The one to the left is a metal and mother-of-pearlish material with a Virgin Mary holding baby Jesus. The one to the right depicts the resurrection (although I never realized it when I was a kid--it always seemed vaguely creepy to me).

This style of icon is common and affordable in Greece--paint on wood. I should mention that all the Greek icons are actually approved by the Church as authentic. The next time I go I'm heading to a shop I found outside of Mystras and splurging on a custom icon (the saint of your choice!) by an artist who makes the icons you find in churches and monasteries. My relatives go to Greece and shop for shoes and jewellery. I go and shop for religious paraphernalia. I get some odd looks at Customs. The icon above is of the Archangels, Michael and Gabriel.

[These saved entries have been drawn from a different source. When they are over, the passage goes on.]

Lemma card_upper_band N b : (0 < N)%N -> (d <= N * N)%N ->
  #|[set x : cube d | (d + 2 * b * N <= 2 * weight x)%N]|%:R * 4 ^+ b <= 2 ^+ d.+1 :> R.
Proof.
move=> N0 dN; have N1 : 1 <= N%:R :> R by rewrite ler1n.
set t : R := N%:R^-1.
have t0 : 0 < t by rewrite invr_gt0; lra.
have Nt : N%:R * t = 1 by rewrite mulfV // gt_eqF //; lra.
have t1 : t <= 1 by rewrite invf_le1 //; lra.
have dt : d%:R * t ^+ 2 <= 1.
  have : d%:R <= N%:R * N%:R :> R by rewrite -natrM ler_nat.
  by rewrite expr2; have := ltW t0; nra.
have zN : 2 <= (1 + t) ^+ N.
  have t_ge : -1 <= t by lra.
  by have := bernoulli_ineq N t_ge; rewrite Nt; lra.
have four_le : 4 ^+ b <= (1 + t) ^+ (2 * b * N).
  have -> : (1 + t) ^+ (2 * b * N) = ((1 + t) ^+ N) ^+ (2 * b) by rewrite -exprM mulnC.
  have -> : 4 ^+ b = 2 ^+ (2 * b) :> R by rewrite exprM expr2 -natrM.
  by apply: lerXn2r; rewrite ?nnegrE //; lra.
apply: le_trans (cosh_expr_le (ltW t0) t1 dt).
apply: le_trans (card_weight_tail _ _); last lra.
by apply: ler_wpM2l.
Qed.

Lemma card_weight_le s : (0 < d)%N ->
  #|[set m : cube d | (weight m <= s)%N]|%:R <= 2 * (2 * d)%:R ^+ s :> R.
Proof.
move=> d0; have d1 : 1 <= d%:R :> R by rewrite ler1n.
have dd0 : 0 < (2 * d)%:R :> R by rewrite natrM; nra.
set z : R := (2 * d)%:R^-1.
have z0 : 0 < z by rewrite invr_gt0.
have dz : d%:R * z = 1 / 2.
  by rewrite /z natrM invfM mulrCA mulfV ?mulr1 ?div1r // gt_eqF //; lra.
have card_z : #|[set m : cube d | (weight m <= s)%N]|%:R * z ^+ s <= 2.
  apply: le_trans (_ : \sum_(x : cube d) z ^+ weight x <= 2).
    apply: card_mul_le_sum => x; first by rewrite !exprn_ge0 // ltW.
    by rewrite inE => xs; apply: ler_wiXn2l; rewrite ?(ltW z0) // invf_le1 //; nra.
  rewrite sum_expr_weight.
  have dz1 : d%:R * z <= 1 by lra.
  have := expr1D_mul1B_le1 (ltW z0) dz1; rewrite dz.
  have : 0 <= (1 + z) ^+ d by apply: exprn_ge0; lra.
  nra.
have zK : z ^+ s * (2 * d)%:R ^+ s = 1 by rewrite -exprMn mulVf ?expr1n ?gt_eqF.
have := ler_wpM2r (exprn_ge0 s (ltW dd0)) card_z.
by rewrite -mulrA zK mulr1.
Qed.

End WeightTails.

Section CubeGeometry.
Variable d : nat.

Definition ccompl (x : cube d) : cube d := [ffun i => ~~ x i].
Definition cjoin (x m : cube d) : cube d := [ffun i => x i || m i].
Definition cdiff (x y : cube d) : cube d := [ffun i => y i && ~~ x i].

Lemma card_cube : #|{: cube d}| = (2 ^ d)%N.
Proof. by rewrite card_ffun card_bool card_ord. Qed.

Lemma ccomplK : involutive ccompl.
Proof. by move=> x; apply/ffunP => i; rewrite !ffunE negbK. Qed.

Lemma weight_ccompl (x : cube d) : (weight x + weight (ccompl x) = d)%N.
Proof.
rewrite /weight -big_split /= -[d in RHS]card_ord -sum1_card.
by apply: eq_bigr => i _; rewrite ffunE; case: (x i).
Qed.

Lemma cjoin_cdiff (x y : cube d) : cube_le x y -> cjoin x (cdiff x y) = y.
Proof.
move=> /forallP xy; apply/ffunP => i; rewrite !ffunE.
by move: (xy i); case: (x i); case: (y i).
Qed.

This icon is unusual--made from a piece of olive wood (when paganism and Christianity combine! Olive being the sacred tree of Athena, of course). It was a gift from my grandmother's neighbour, a truly lovely lady.

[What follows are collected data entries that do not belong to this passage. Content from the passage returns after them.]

(* Let $b>a\ge0$ and let $w$ be a palindrome (a word equal to its reverse). Then $$[S(w)]_{21}=[M(w)]_{22}-1\qquad\text{and}\qquad [S(w)]_{22}=[M(w)]_{12}+[S(w)]_{21}.$$ Furthermore, for every $k\in\mathbb{Z}_+$, $$\Big[S(10w)\,M\big(w(10w)^k\big)-S(01w)\,M\big(w(01w)^k\big)\Big]_{22}=0 .$$
   Context: Words are finite strings over $\{0,1\}$, $\epsilon$ the empty word, $w_k$ the $k$-th letter, $w_{1:k}=w_1\cdots w_k$, $|w|$ the length, $w^k$ the $k$-fold repetition ($w^0=\epsilon$), $\mathbb{Z}_+=\{0,1,2,\dots\}$. Define $F=\begin{pmatrix}1&1\\ a&1+a\end{pmatrix}$, $G=\begin{pmatrix}1&1\\ b&1+b\end{pmatrix}$, and for a word $w$, $M(w):=M(w_{|w|})\cdots M(w_1)$ with $M(\epsilon)=I$, $M(0)=F$, $M(1)=G$. The prefix sum is $S(w):=\sum_{k=1}^{|w|}M(w_{1:k})$, with $S(\epsilon)=0$ (the zero matrix). $[A]_{ij}$ denotes the $(i,j)$ entry. *)

(* Words over {0,1} are seq bool: false = letter 0, true = letter 1. *)
From HB Require Import structures.
From mathcomp Require Import all_boot all_order all_algebra.
Set Implicit Arguments. Unset Strict Implicit. Unset Printing Implicit Defensive.
Import Order.TTheory GRing.Theory Num.Theory.
Local Open Scope ring_scope.

Section Defs.
Variable R : nzRingType.

Definition Mc (c : R) : 'M[R]_2 :=
  \matrix_(i < 2, j < 2)
    (if i == 0 :> nat then 1 else if j == 0 :> nat then c else 1 + c).

Definition Mlet (a b : R) (x : bool) : 'M[R]_2 := if x then Mc b else Mc a.

(* M(w) = M(w_|w|) ... M(w_1), M(eps) = I *)
Definition Mw (a b : R) (w : seq bool) : 'M[R]_2 :=
  foldl (fun acc x => Mlet a b x *m acc) 1%:M w.

Definition Sw (a b : R) (w : seq bool) : 'M[R]_2 :=
  \sum_(k < size w) Mw a b (take k.+1 w).

Definition wpow (w : seq bool) (k : nat) : seq bool := flatten (nseq k w).
End Defs.

(* Every letter matrix M_c satisfies Q M_c = M_c^T Q for Q = [[0,1],[1,1]], so
   Q M(rev v) = M(v)^T Q for every word v.  Reading off entries of this identity
   for a palindrome gives M_22 = M_11 + M_21, and reading off the (2,2) entry
   shows that [1 1] M(v) e_2 = [1 1] M(rev v) e_2.  The second row of S(w) is
   [1 1] M(w) - [1 1], hence [S(x) M(y)]_22 = [1 1] (M(y x) - M(y)) e_2; for
   x = 10w, y = w(10w)^k the words y x = w(10w)^(k+1) and y are reversed to the
   corresponding words for 01w, which gives the last identity. *)
From HB Require Import structures.
From mathcomp Require Import all_boot all_order all_algebra.
From mathcomp Require Import ring.
Import GRing.Theory.
Local Open Scope ring_scope.

Lemma cat_wpow_rotate (s t : seq bool) k :
  wpow (s ++ t) k ++ s = s ++ wpow (t ++ s) k.
Proof.
rewrite /wpow; elim: k => [|k IHk] /=; first by rewrite cats0.
by rewrite -!catA IHk.
Qed.

Lemma wpowSr (s : seq bool) k : wpow s k.+1 = wpow s k ++ s.
Proof. by rewrite /wpow -addn1 nseqD flatten_cat /= cats0. Qed.

Lemma rev_wpow (s : seq bool) k : rev (wpow s k) = wpow (rev s) k.
Proof. by rewrite /wpow rev_flatten map_nseq rev_nseq. Qed.

Lemma big_ord2 (V : nmodType) (f : 'I_2 -> V) : \sum_(i < 2) f i = f 0 + f 1.
Proof.
by rewrite !big_ord_recl big_ord0 addr0; congr (_ + f _); apply/val_inj.
Qed.

Section LetterMatrices.
Variables (R : comNzRingType) (a b : R).

Lemma Mw_foldl w (acc : 'M[R]_2) :
  foldl (fun acc x => Mlet a b x *m acc) acc w = Mw a b w *m acc.
Proof.
elim: w acc => [|x w IHw] acc /=; first by rewrite /Mw /= mul1mx.
by rewrite /Mw /= IHw [in RHS]IHw mulmx1 mulmxA.
Qed.

Lemma Mw_cat u v : Mw a b (u ++ v) = Mw a b v *m Mw a b u.
Proof. by rewrite {1}/Mw foldl_cat Mw_foldl. Qed.

Lemma Mw_rcons s x : Mw a b (rcons s x) = Mlet a b x *m Mw a b s.
Proof. by rewrite -cats1 Mw_cat /Mw /= mulmx1. Qed.

Lemma Mw_cons x s : Mw a b (x :: s) = Mw a b s *m Mlet a b x.
Proof. by rewrite -cat1s Mw_cat /Mw /= mulmx1. Qed.

Lemma Sw_rcons s x : Sw a b (rcons s x) = Sw a b s + Mw a b (rcons s x).
Proof.
rewrite /Sw size_rcons big_ord_recr /=; congr (_ + _).
  by apply: eq_bigr => i _; rewrite -cats1 takel_cat.
by rewrite take_oversize // size_rcons.
Qed.

(* The second row of S(w) is [1 1] M(w) - [1 1]: the first row of each letter
   matrix is [1 1], and [1 1] M_c = [1 1] + (second row of M_c). *)
Lemma Sw_row1 w (j : 'I_2) : Sw a b w 1 j = Mw a b w 0 j + Mw a b w 1 j - 1.
Proof.
elim/last_ind: w => [|s x IHs].
  rewrite /Sw big_ord0 !mxE.
  by case: j => [[|[|j]] ?] //=; rewrite ?addr0 ?add0r subrr.
rewrite Sw_rcons Mw_rcons !mxE IHs !big_ord2.
by case: x; rewrite !mxE /=; ring.
Qed.

Definition Qm : 'M[R]_2 :=
  \matrix_(i < 2, j < 2) (if (i == 0 :> nat) && (j == 0 :> nat) then 0 else 1).

Lemma Qm_Mlet x : Qm *m Mlet a b x = (Mlet a b x)^T *m Qm.
Proof.
by apply/matrixP=> i j; case: x; rewrite !mxE !big_ord2 !mxE;
  case: i j => [[|[|i]] ?] [[|[|j]] ?] //=; ring.
Qed.

Lemma Qm_Mw_rev v : Qm *m Mw a b (rev v) = (Mw a b v)^T *m Qm.
Proof.
elim: v => [|x v IHv]; first by rewrite trmx1 mulmx1 mul1mx.
by rewrite rev_cons Mw_rcons Mw_cons trmx_mul mulmxA Qm_Mlet -!mulmxA IHv.
Qed.

Definition col1_sum (X : 'M[R]_2) : R := X 0 1 + X 1 1.

Lemma col1_sum_Mw_rev v : col1_sum (Mw a b (rev v)) = col1_sum (Mw a b v).
Proof.
have := congr1 (fun X : 'M[R]_2 => X 1 1) (Qm_Mw_rev v).
by rewrite /col1_sum !mxE !big_ord2 !mxE /= !mul1r !mulr1.
Qed.

Lemma Mw_palindrome w : rev w = w -> Mw a b w 1 1 = Mw a b w 0 0 + Mw a b w 1 0.
Proof.
move=> w_pal; have := congr1 (fun X : 'M[R]_2 => X 0 1) (Qm_Mw_rev w).
by rewrite w_pal !mxE !big_ord2 !mxE /= mul0r mul1r add0r !mulr1.
Qed.

Lemma Sw_mulmx11 u (X : 'M[R]_2) :
  (Sw a b u *m X) 1 1 = col1_sum (Mw a b u *m X) - col1_sum X.
Proof. by rewrite /col1_sum !mxE !big_ord2 !Sw_row1; ring. Qed.

End LetterMatrices.

Theorem proposition5 (R : realFieldType) (a b : R) (w : seq bool) :
  0 <= a -> a < b -> rev w = w ->
  [/\ Sw a b w 1 0 = Mw a b w 1 1 - 1,
      Sw a b w 1 1 = Mw a b w 0 1 + Sw a b w 1 0 &
      forall k : nat,
        (Sw a b ([:: true; false] ++ w)
           *m Mw a b (w ++ wpow ([:: true; false] ++ w) k)
         - Sw a b ([:: false; true] ++ w)
           *m Mw a b (w ++ wpow ([:: false; true] ++ w) k)) 1 1 = 0].
Proof.
move=> _ _ w_pal.
have S10 : Sw a b w 1 0 = Mw a b w 1 1 - 1 by rewrite Sw_row1 Mw_palindrome.
split=> [//||k]; first by rewrite S10 Sw_row1; ring.
have rev_w_10w_pow j : rev (w ++ wpow ([:: true; false] ++ w) j)
                   = w ++ wpow ([:: false; true] ++ w) j.
  by rewrite rev_cat rev_wpow rev_cat w_pal cat_wpow_rotate.
have entry11B (X Y : 'M[R]_2) : (X - Y) 1 1 = X 1 1 - Y 1 1 by rewrite !mxE.
rewrite entry11B !Sw_mulmx11 -!Mw_cat -!catA -!wpowSr.
by rewrite -!rev_w_10w_pow !col1_sum_Mw_rev subrr.
Qed.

This icon is definitely not church approved: I made it years ago. The background is tissue paper. The frame is from one of those stores that perpetually have "going out of business" sales. And the picture is a postcard of St. George my parents gave me. The starving student's guide to making icons!

The Virgin and Child on the left was a gift. I'm not sure now where the crucifix came from (probably also a gift). The oil burner is one my family had for years and which I found disassembled and buried in a drawer. Did I mention my immediate family don't quite share my love of iconography?

Another paint on wood icon--this is probably the most common design you'll find in Greece. Don't get excited about that apparent glow over Jesus' heart--that's just a bit of glare from the window and the camera.

Another elaborate silver icon, you can get a better glimpse of the workmanship in this photo. These silver icons aren't supposed to tarnish, but this one didn't get the memo. I'm still trying to figure out how to clean it without ruining their faces.

I'm curious: what are your unusual/unconventional collections?